Collected data:

────────────────────

Definition next_value (c : nat -> nat) (rho : nat) : R := L rho (S (c rho)).

Definition pick (c : nat -> nat) : nat :=
  epsilon (inhabits 1%nat) (fun rho => (1 <= rho <= m)%nat /\
    forall rho', (1 <= rho' <= m)%nat -> next_value c rho <= next_value c rho').

(* [merged] enumerates the values [L rho j], [j >= 1], of all rays in nondecreasing order;
   [merge_count k rho] of the first [k] of them come from ray [rho]. *)
Fixpoint merge_count (k : nat) : nat -> nat :=
  match k with
  | O => fun _ => O
  | S k' => fun rho => if Nat.eqb rho (pick (merge_count k')) then S (merge_count k' rho)
                       else merge_count k' rho
  end.

Definition merged (k : nat) : R :=
  match k with
  | O => 0
  | S k' => next_value (merge_count k') (pick (merge_count k'))
  end.

Lemma pick_spec (c : nat -> nat) : (1 <= pick c <= m)%nat /\
  forall rho, (1 <= rho <= m)%nat -> next_value c (pick c) <= next_value c rho.
Proof.
  unfold pick. apply epsilon_spec. apply exists_argmin_ray. exact Hm.
Qed.

Lemma L_nonneg (rho j : nat) : (1 <= rho <= m)%nat -> 0 <= L rho j.
Proof.
  intros Hr. induction j as [|j IH]; [rewrite L_0; lra|].
  pose proof (L_lt_S rho j Hr). lra.
Qed.

Lemma next_value_merge_count_S (k rho : nat) : rho <> pick (merge_count k) ->
  next_value (merge_count (S k)) rho = next_value (merge_count k) rho.
Proof.
  intros Hne. unfold next_value. cbn [merge_count].
  apply Nat.eqb_neq in Hne. rewrite Hne. reflexivity.
Qed.

Lemma merged_between (k : nat) :
  (forall rho, (1 <= rho <= m)%nat -> L rho (merge_count k rho) <= merged k) /\
  (forall rho, (1 <= rho <= m)%nat -> merged k <= next_value (merge_count k) rho).
Proof.
  induction k as [|k [IH1 IH2]].
  - split; intros rho Hr; cbn; [rewrite L_0; lra|]. apply L_nonneg. exact Hr.
  - destruct (pick_spec (merge_count k)) as [Hpr Hpmin].
    set (p := pick (merge_count k)) in *.
    assert (Hmerged : merged (S k) = next_value (merge_count k) p) by reflexivity.
    split; intros rho Hr; destruct (Nat.eq_dec rho p) as [->|N].
    + cbn [merge_count]. fold p. rewrite Nat.eqb_refl, Hmerged. unfold next_value. lra.
    + cbn [merge_count]. fold p. apply Nat.eqb_neq in N as N'. rewrite N'.
      pose proof (IH1 rho Hr). pose proof (IH2 p Hpr). lra.
    + rewrite Hmerged. unfold next_value. cbn [merge_count]. fold p. rewrite Nat.eqb_refl.
      left. apply L_lt_S. exact Hpr.
    + rewrite next_value_merge_count_S by exact N. rewrite Hmerged. apply Hpmin. exact Hr.
Qed.

Lemma merged_le_S (k : nat) : merged k <= merged (S k).
Proof. apply (proj2 (merged_between k)), pick_spec. Qed.

Lemma merged_pos (k : nat) : 0 < merged (S k).
Proof.
  destruct (pick_spec (merge_count k)) as [Hpr _]. cbn [merged]. unfold next_value.
  pose proof (L_lt_S _ (merge_count k (pick (merge_count k))) Hpr).
  pose proof (L_nonneg _ (merge_count k (pick (merge_count k))) Hpr). lra.
Qed.

Lemma psum_merged (k : nat) :
  psum merged k = sum_over (fun rho => psum (L rho) (merge_count k rho)) (seq 1 m).
Proof.
  induction k as [|k IH].
  - rewrite (sum_over_ext_in _ (fun _ => 0)) by reflexivity. rewrite sum_over_const. simpl. lra.
  - cbn [psum]. rewrite IH. symmetry.
    destruct (pick_spec (merge_count k)) as [Hpr _].
    apply sum_over_update with (pick (merge_count k)).
    + apply seq_NoDup.
    + apply in_rays. exact Hpr.
    + intros rho N. cbn [merge_count]. apply Nat.eqb_neq in N. rewrite N. reflexivity.
    + cbn [merge_count]. rewrite Nat.eqb_refl. reflexivity.
Qed.
(* Define $\mathrm{CS}:Q\to\mathbb{R}$ by $\mathrm{CS}(q)=\int_{p(q)/q}^{1}(vq-p(q))f(v)\,dv$. Then $\mathrm{CS}$ is convex on $Q$ if and only if \[ r(v)r''(v)+r'(v)\le 1 \quad\text{for all } v\in\big(\overline p(q_h),\overline p(q_\ell)\big). \]
   Context: Let $0<q_\ell<q_h<\infty$, $Q=[q_\ell,q_h]$, and let $c$ be a real number with $0<c<q_\ell$. Let $F$ be a probability distribution on $[0,1]$ with support $[0,1]$ admitting a twice continuously differentiable density $f:(0,1)\to\mathbb{R}_{>0}$. Define $r(v)=(1-F(v))/f(v)$ and $\psi(v)=v-r(v)$ on $(0,1)$, and assume $\psi'(v)>0$ whenever $\psi(v)>0$. For $q\in Q$, $p(q)$ is the unique maximizer over $p\in\mathbb{R}$ of $(p-c)\big(1-F(p/q)\big)$, and $\overline p(q)=p(q)/q$. *)

From Stdlib Require Import Reals.
From Coquelicot Require Import Coquelicot.
Open Scope R_scope.

Definition rfun (F f : R -> R) (v : R) : R := (1 - F v) / f v.

Definition psi (F f : R -> R) (v : R) : R := v - rfun F f v.

Definition profit (F : R -> R) (c q p : R) : R := (p - c) * (1 - F (p / q)).

(* CS(q) = int_{p(q)/q}^{1} (v q - p(q)) f(v) dv, as a (possibly improper at 1)
   Riemann integral *)
Definition CS (f p : R -> R) (q : R) : R :=
  RInt_gen (fun v => (v * q - p q) * f v) (at_point (p q / q)) (at_left 1).

From Stdlib Require Import Reals Lra.
From Coquelicot Require Import Coquelicot.
Open Scope R_scope.

(* Write w = p(q)/q for the optimal price ratio. The first-order condition of the monopoly
   problem is psi(w) = c/q, and since psi increases wherever it is positive, q = c/psi(w) is a
   decreasing change of variable between [pbar(q_h), pbar(q_l)] and [q_l, q_h]. Integrating by
   parts, CS(q) = q * int_w^1 (1 - F). By Cauchy's mean value theorem every chord slope of CS
   equals H(xi) at some intermediate ratio xi, where
   H(w) = int_w^1 (1 - F) + psi(w) (1 - F(w)) / psi'(w) is dCS/dq at ratio w; so CS is convex
   exactly when H is nonincreasing in w. Finally H' = psi f / psi'^2 * (r r'' + r' - 1). *)

Lemma is_derive_pos_gt_right (g : R -> R) (x D : R) :
  is_derive g x D -> 0 < D ->
  forall d, 0 < d -> exists y, x < y < x + d /\ g x < g y.
Proof.
  intros Hg HD d Hd. apply is_derive_Reals in Hg.
  destruct (Hg (D / 2)) as [del Hdel]; [lra|].
  pose proof (cond_pos del) as Hdel0.
  set (h := Rmin del d / 2).
  assert (Hh : 0 < h < Rmin del d) by (unfold h; pose proof (Rmin_pos del d); lra).
  pose proof (Rmin_l del d); pose proof (Rmin_r del d).
  exists (x + h). split; [lra|].
  assert (Hq : Rabs ((g (x + h) - g x) / h - D) < D / 2).
  { apply Hdel; [lra|]. rewrite Rabs_pos_eq; lra. }
  apply Rabs_def2 in Hq.
  set (Q := (g (x + h) - g x) / h) in Hq.
  assert (g (x + h) - g x = Q * h) by (unfold Q; field; lra).
  nra.
Qed.
Lemma deriv_gpoly e n : (gpoly e n)^`() = n%:R *: gpoly e n.-1.
Proof.
apply/polyP => k; rewrite coef_deriv coefZ !coef_gpoly.
case: n => [|n]; first by rewrite bin_small // !mul0r mul0rn.
by rewrite subSS /= -mulr_natl mulrA -natrM mul_bin_diag natrM; ring.
Qed.

Lemma deriv_eq0_horner0 (p : {poly C}) : p^`() = 0 -> p.[0] = 0 -> p = 0.
Proof.
move=> /polyP dp0 p00; apply/polyP => -[|k].
  by rewrite coef0 -horner_coef0.
have /eqP := dp0 k; rewrite coef_deriv coef0 -mulr_natr mulf_eq0.
by rewrite coef0 (@pnatr_eq0 (complex Rdefinitions.R)) orbF => /eqP.
Qed.

Lemma gpolyS e n : gpoly e n.+1 =
  ('X + n%:R%:P) * gpoly e n + n%:R *: ((e%:P - 'X) * gpoly e n.-1).
Proof.
pose Q n := gpoly e n.+1 - ('X + n%:R%:P) * gpoly e n
            - n%:R *: ((e%:P - 'X) * gpoly e n.-1).
have dQ m : (Q m)^`() = m%:R *: Q m.-1.
  rewrite /Q !(derivB, derivN, derivD, derivM, derivZ, derivX, derivC).
  rewrite !deriv_gpoly.
  by case: m => [|m] /=; rewrite -!mul_polyC; ring.
suff /eqP : Q n = 0 by rewrite subr_eq0 subr_eq addrC => /eqP.
elim: n => [|n IH]; apply: deriv_eq0_horner0;
  rewrite ?dQ ?scale0r ?IH ?scaler0 // /Q;
  rewrite !(hornerD, hornerN, hornerZ, hornerM, hornerX, hornerC);
  rewrite !horner0_gpoly.
- by rewrite /Defs.bseq /=; ring.
- by rewrite bseqSS /=; ring.
Qed.

Definition appell (e : C) (F : {poly C}) : {poly C} :=
  \sum_(k < size F) F`_k *: gpoly e k.

Lemma appell_is_linear e : linear (appell e).
Proof.
move=> a F G; pose n := maxn (size F) (size G).
have leFn : (size F <= n)%N by rewrite leq_maxl.
have leGn : (size G <= n)%N by rewrite leq_maxr.
have leFGn : (size (a *: F + G)%R <= n)%N.
  rewrite (leq_trans (size_add _ _)) // geq_max leGn andbT.
  exact: leq_trans (size_scale_leq _ _) leFn.
have pad := sum_coef_pad (fun k c => c *: gpoly e k) _ _ (fun k => scale0r _).
rewrite /appell (pad _ _ leFn) (pad _ _ leGn) (pad _ _ leFGn).
rewrite scaler_sumr -big_split; apply: eq_bigr => k _.
by rewrite coefD coefZ scalerDl scalerA.
Qed.

HB.instance Definition _ e :=
  GRing.isLinear.Build C {poly C} {poly C} *:%R (appell e) (appell_is_linear e).

Lemma appell_Xn e n : appell e 'X^n = gpoly e n.
Proof.
rewrite /appell size_polyXn big_ord_recr /= coefXn eqxx scale1r big1 ?add0r //.
by move=> k _; rewrite coefXn (ltn_eqF (ltn_ord k)) scale0r.
Qed.

Lemma coef_appell_lead e F : (appell e F)`_(size F).-1 = lead_coef F.
Proof.
rewrite /appell lead_coefE; case sF: (size F) => [|n].
  by rewrite big_ord0 coef0 nth_default ?sF.
rewrite big_ord_recr coefD coef_sum coefZ coef_gpoly_diag mulr1.
rewrite big1 ?add0r // => k _.
by rewrite coefZ coef_gpoly bin_small ?mul0r ?mulr0 //=.
Qed.

Lemma appell_inj e : injective (appell e).
Proof.
move=> F G eqFG; apply/eqP; rewrite -subr_eq0 -lead_coef_eq0.
by rewrite -(coef_appell_lead e) linearB /= eqFG subrr coef0.
Qed.

Lemma appell_surj e G : exists F, appell e F = G.
Proof.
elim: (size G) {-2}G (leqnn (size G)) => [|n IH] {}G leGn.
  by exists 0; move: leGn; rewrite leqn0 size_poly_eq0 linear0 => /eqP.
have [|F eqFG'] := IH (G - G`_n *: gpoly e n).
  apply/leq_sizeP => k; rewrite leq_eqVlt => /orP[/eqP <-|ltnk].
    by rewrite coefB coefZ coef_gpoly_diag mulr1 subrr.
  by rewrite coefB coefZ !(leq_sizeP _ _ _ _ ltnk) ?size_gpoly // mulr0 subr0.
by exists (F + G`_n *: 'X^n); rewrite linearD linearZ /= appell_Xn eqFG' subrK.
Qed.
Definition semitop_maltsev (X : space) : Prop :=
  exists Phi : X -> X -> X -> X,
    (forall a b : X, continuous (fun x : X => (Phi x a b : X))) /\
    (forall a b : X, continuous (fun y : X => (Phi a y b : X))) /\
    (forall a b : X, continuous (fun z : X => (Phi a b z : X))) /\
    (forall x y : X, Phi x x y = y /\ Phi y x x = y).

From Stdlib Require Import List Classical ClassicalEpsilon ChoiceFacts.
From Stdlib Require Import FunctionalExtensionality PropExtensionality Eqdep FinFun.

(* Since C is closed under finer topologies, a reflection q : X -> r X is a
   quotient map: the quotient topology on r X is finer, hence in C, and the
   universal property makes the identity continuous.  A separately continuous
   Mal'tsev operation then makes q open: if q t = q u with u in an open U, the
   map s |-> Phi(s,t,u) sends a neighbourhood of t into U, and
   q(Phi(s,t,u)) = q(Phi(s,t,t)) = q s.  Products of open surjections are
   open, so prod q is open, and mu is open because mu o q_P = prod q.
   For injectivity, moving one coordinate of x inside a fibre of q_j does not
   change q_P x (again by the universal property of q_j), hence neither do
   finitely many such moves; as open sets see only finitely many coordinates,
   points of a fibre of prod q have topologically indistinguishable images.
   Two distinct indistinguishable points in a space of C would make every map
   into them continuous, forcing every reflection to be injective; so the
   images coincide anyway. *)

Lemma opn_ext {X : space} {U V : X -> Prop} :
  (forall x, U x <-> V x) -> opn X U -> opn X V.
Proof.
intros H HU. replace V with U; [exact HU|].
apply functional_extensionality; intro x; apply propositional_extensionality, H.
Qed.

Lemma opn_full (X : space) : opn X (fun _ => True).
Proof. apply (opn_top X). Qed.

Lemma opn_inter {X : space} (U V : X -> Prop) :
  opn X U -> opn X V -> opn X (fun x => U x /\ V x).
Proof. apply (opn_top X). Qed.

Lemma opn_union {X : space} (F : (X -> Prop) -> Prop) :
  (forall U, F U -> opn X U) -> opn X (fun x => exists U, F U /\ U x).
Proof. apply (opn_top X). Qed.

Lemma opn_const (X : space) (P : Prop) : opn X (fun _ => P).
Proof.
destruct (classic P) as [HP|HP].
- apply (opn_ext (U := fun _ => True)); [tauto|apply opn_full].
- apply (opn_ext (U := fun x => exists U, (fun _ : X -> Prop => False) U /\ U x)).
  + intros x; split; [intros [U [[] _]]|contradiction].
  + apply opn_union; intros U [].
Qed.

Lemma opn_of_nbhds {X : space} (S : X -> Prop) :
  (forall x, S x -> exists W, opn X W /\ W x /\ forall y, W y -> S y) -> opn X S.
Proof.
intros H.
apply (opn_ext (U := fun x => exists W, (opn X W /\ forall y, W y -> S y) /\ W x)).
- intros x; split.
  + intros [W [[_ HWS] Wx]]; auto.
  + intros Sx; destruct (H x Sx) as [W [HW [Wx HWS]]]; eauto.
- apply opn_union; intros W [HW _]; exact HW.
Qed.

Lemma opn_list_inter {X : space} {A : Type} (l : list A) (P : A -> X -> Prop) :
  (forall a, In a l -> opn X (P a)) -> opn X (fun x => forall a, In a l -> P a x).
Proof.
induction l as [|a l IH]; intros H.
- apply (opn_ext (U := fun _ => True)); [|apply opn_full].
  intros x; split; [intros _ a []|auto].
- apply (opn_ext (U := fun x => P a x /\ forall b, In b l -> P b x)).
  + intros x; split.
    * intros [Ha Hl] b [<-|Hb]; auto.
    * intros Hx; split; [apply Hx; left; reflexivity|intros b Hb; apply Hx; right; exact Hb].
  + apply opn_inter; [apply H; left; reflexivity|].
    apply IH; intros b Hb; apply H; right; exact Hb.
Qed.

Lemma continuous_comp {X Y Z : space} (f : X -> Y) (g : Y -> Z) :
  continuous f -> continuous g -> continuous (fun x => g (f x)).
Proof. intros Hf Hg U HU; exact (Hf _ (Hg U HU)). Qed.

Lemma continuous_id {X : space} : continuous (fun x : X => x).
Proof. intros U HU; exact HU. Qed.

Lemma continuous_const {X Y : space} (c : Y) : continuous (fun _ : X => c).
Proof. intros U _; apply opn_const. Qed.

Lemma continuous_into_prod {Y : space} {I : Type} {X : I -> space}
  (f : Y -> prod_space X) :
  (forall i, continuous (fun y => f y i)) -> continuous f.
Proof.
intros Hf U HU. apply opn_of_nbhds. intros y Uy.
destruct (HU (f y) Uy) as [l [Hl HlU]].
exists (fun y' => forall p, In p l -> projT2 p (f y' (projT1 p))). split; [|split].
- apply opn_list_inter. intros p Hp. apply (Hf (projT1 p)), Hl, Hp.
- intros p Hp; apply Hl, Hp.
- intros y' Hy'; apply HlU, Hy'.
Qed.

Definition image {A B : Type} (f : A -> B) (U : A -> Prop) : B -> Prop :=
  fun y => exists x, U x /\ f x = y.

Definition open_map {X Y : space} (f : X -> Y) : Prop :=
  forall U, opn X U -> opn Y (image f U).

Lemma open_map_of_comp_surjective {X Y Z : space} (p : X -> Y) (g : Y -> Z) :
  continuous p -> Surjective p -> open_map (fun x => g (p x)) -> open_map g.
Proof.
intros Hp Hsurj Hgp V HV.
apply (opn_ext (U := image (fun x => g (p x)) (fun x => V (p x)))).
- intros z; split.
  + intros [x [Vpx <-]]; exists (p x); auto.
  + intros [y [Vy <-]]. destruct (Hsurj y) as [x <-]. exists x; auto.
- apply Hgp, Hp, HV.
Qed.

Lemma homeomorphism_of_open_bijection {X Y : space} (f : X -> Y) :
  continuous f -> Injective f -> Surjective f -> open_map f -> homeomorphism f.
Proof.
intros Hf Hinj Hsurj Hopen. split; [exact Hf|].
destruct (choice (fun y x => f x = y) Hsurj) as [g Hg].
assert (Hgf : forall x, g (f x) = x) by (intro x; apply Hinj, Hg).
exists g. split; [|split; assumption].
intros U HU. apply (opn_ext (U := image f U)); [|apply Hopen, HU].
intros y; split.
- intros [x [Ux <-]]; rewrite Hgf; exact Ux.
- intros Ugy; exists (g y); auto.
Qed.

Definition indistinguishable {Z : space} (a b : Z) : Prop :=
  forall V, opn Z V -> (V a <-> V b).

Lemma final_topology_is_topology {X : space} {T : Type} (f : X -> T) :
  is_topology (fun V : T -> Prop => opn X (fun x => V (f x))).
Proof.
split; [|split].
- apply opn_full.
- intros U V; apply opn_inter.
- intros F HF.
  apply (opn_ext (U := fun x => exists W, (exists V, F V /\ forall y, W y <-> V (f y)) /\ W x)).
  + intros x; split.
    * intros [W [[V [FV HWV]] Wx]]. exists V; split; [exact FV|apply HWV, Wx].
    * intros [V [FV Vfx]]. exists (fun y => V (f y)).
      split; [exists V; split; [exact FV|tauto]|exact Vfx].
  + apply opn_union. intros W [V [FV HWV]].
    apply (opn_ext (U := fun y => V (f y))); [intro y; symmetry; apply HWV|apply HF, FV].
Qed.

Section Reflection.

Context {C : space -> Prop} {X R : space} {q : X -> R}.
Hypothesis Hq : is_reflection C X R q.

Lemma reflection_factor (Z : space) (f : X -> Z) :
  C Z -> continuous f -> forall a b, q a = q b -> f a = f b.
Proof.
destruct Hq as [_ [_ [_ Huniv]]]. intros HZ Hf a b Hab.
destruct (Huniv Z HZ f Hf) as [g [[_ Hgq] _]].
rewrite <- (Hgq a), <- (Hgq b), Hab. reflexivity.
Qed.

Lemma reflection_injective_of_indistinguishable (Z : space) (a b : Z) :
  C Z -> a <> b -> indistinguishable a b -> Injective q.
Proof.
intros HZ Hab Hind u v Huv. apply NNPP; intro Hne.
pose (f := fun t : X => if excluded_middle_informative (t = u) then a else b).
assert (Hf : continuous f).
{ intros V HV. apply (opn_ext (U := fun _ => V a)); [|apply opn_const].
  intros t. unfold f. destruct (excluded_middle_informative (t = u)); [tauto|].
  apply Hind, HV. }
pose proof (reflection_factor Z f HZ Hf u v Huv) as Hfuv. unfold f in Hfuv.
destruct (excluded_middle_informative (u = u)) as [_|]; [|congruence].
destruct (excluded_middle_informative (v = u)); congruence.
Qed.

Hypothesis Hfin : closed_under_finer C.

Lemma reflection_quotient (U : R -> Prop) : opn X (fun x => U (q x)) -> opn R U.
Proof.
destruct Hq as [HCR [Hqc [Hqs Huniv]]].
pose (Rq := Space (final_topology_is_topology q)).
assert (HCRq : C Rq) by (apply Hfin; [exact HCR|intros V HV; apply Hqc, HV]).
assert (Hq' : @continuous X Rq q) by (intros V HV; exact HV).
destruct (Huniv Rq HCRq q Hq') as [g [[Hg Hgq] _]].
assert (Hgid : forall r, g r = r) by (intro r; destruct (Hqs r) as [x <-]; apply Hgq).
intro HU. apply (opn_ext (U := fun r => U (g r))); [intro r; rewrite Hgid; tauto|].
apply Hg, HU.
Qed.

Lemma reflection_open_of_maltsev : semitop_maltsev X -> open_map q.
Proof.
intros [Phi [Hc1 [_ [Hc3 Hmal]]]] U HU. pose proof Hq as [HCR [Hqc _]].
apply reflection_quotient, opn_of_nbhds. intros t [u [Uu Htu]].
exists (fun s => U (Phi s t u)). split; [|split].
- apply (Hc1 t u U HU).
- rewrite (proj1 (Hmal t u)); exact Uu.
- intros s Us. exists (Phi s t u). split; [exact Us|].
  rewrite (reflection_factor R (fun z => q (Phi s t z)) HCR
             (continuous_comp _ _ (Hc3 s t) Hqc) u t Htu).
  rewrite (proj2 (Hmal t s)). reflexivity.
Qed.

End Reflection.

Section ProductOpenMap.

Context {I : Type} {X : I -> space}.

Definition box_at (l : list {i : I & X i -> Prop}) (i : I) (t : X i) : Prop :=
  forall A, In (existT _ i A) l -> A t.

Lemma box_at_opn (l : list {i : I & X i -> Prop}) :
  (forall p, In p l -> opn (X (projT1 p)) (projT2 p)) -> forall i, opn (X i) (box_at l i).
Proof.
induction l as [|[k A0] l IH]; intros Hl i.
- apply (opn_ext (U := fun _ => True)); [|apply opn_full].
  intros t; split; [intros _ A []|auto].
- assert (Hbox : opn (X i) (box_at l i)).
  { apply IH; intros p Hp; apply Hl; right; exact Hp. }
  destruct (classic (k = i)) as [<-|Hki].
  + apply (opn_ext (U := fun t => A0 t /\ box_at l k t)).
    * intros t; split.
      -- intros [HA0 Ht] A [HA|HA]; [|exact (Ht A HA)].
         apply inj_pair2 in HA. subst; exact HA0.
      -- intros Ht; split; [apply Ht; left; reflexivity|intros A HA; apply Ht; right; exact HA].
    * apply opn_inter; [apply (Hl (existT _ k A0)); left; reflexivity|exact Hbox].
  + apply (opn_ext (U := box_at l i)); [|exact Hbox].
    intros t; split.
    * intros Ht A [HA|HA]; [exfalso; apply Hki, (f_equal (@projT1 _ _) HA)|exact (Ht A HA)].
    * intros Ht A HA; apply Ht; right; exact HA.
Qed.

────────────────────

- TASK REQUIREMENTS
From the entries above, give again exactly the lines running from the line with "fun y => exists x, U x /\ f x = y." to the line with "- intros z; split."; include both of those lines.

- REPLY TO THE TASK
  fun y => exists x, U x /\ f x = y.

Definition open_map {X Y : space} (f : X -> Y) : Prop :=
  forall U, opn X U -> opn Y (image f U).

Lemma open_map_of_comp_surjective {X Y Z : space} (p : X -> Y) (g : Y -> Z) :
  continuous p -> Surjective p -> open_map (fun x => g (p x)) -> open_map g.
Proof.
intros Hp Hsurj Hgp V HV.
apply (opn_ext (U := image (fun x => g (p x)) (fun x => V (p x)))).
- intros z; split.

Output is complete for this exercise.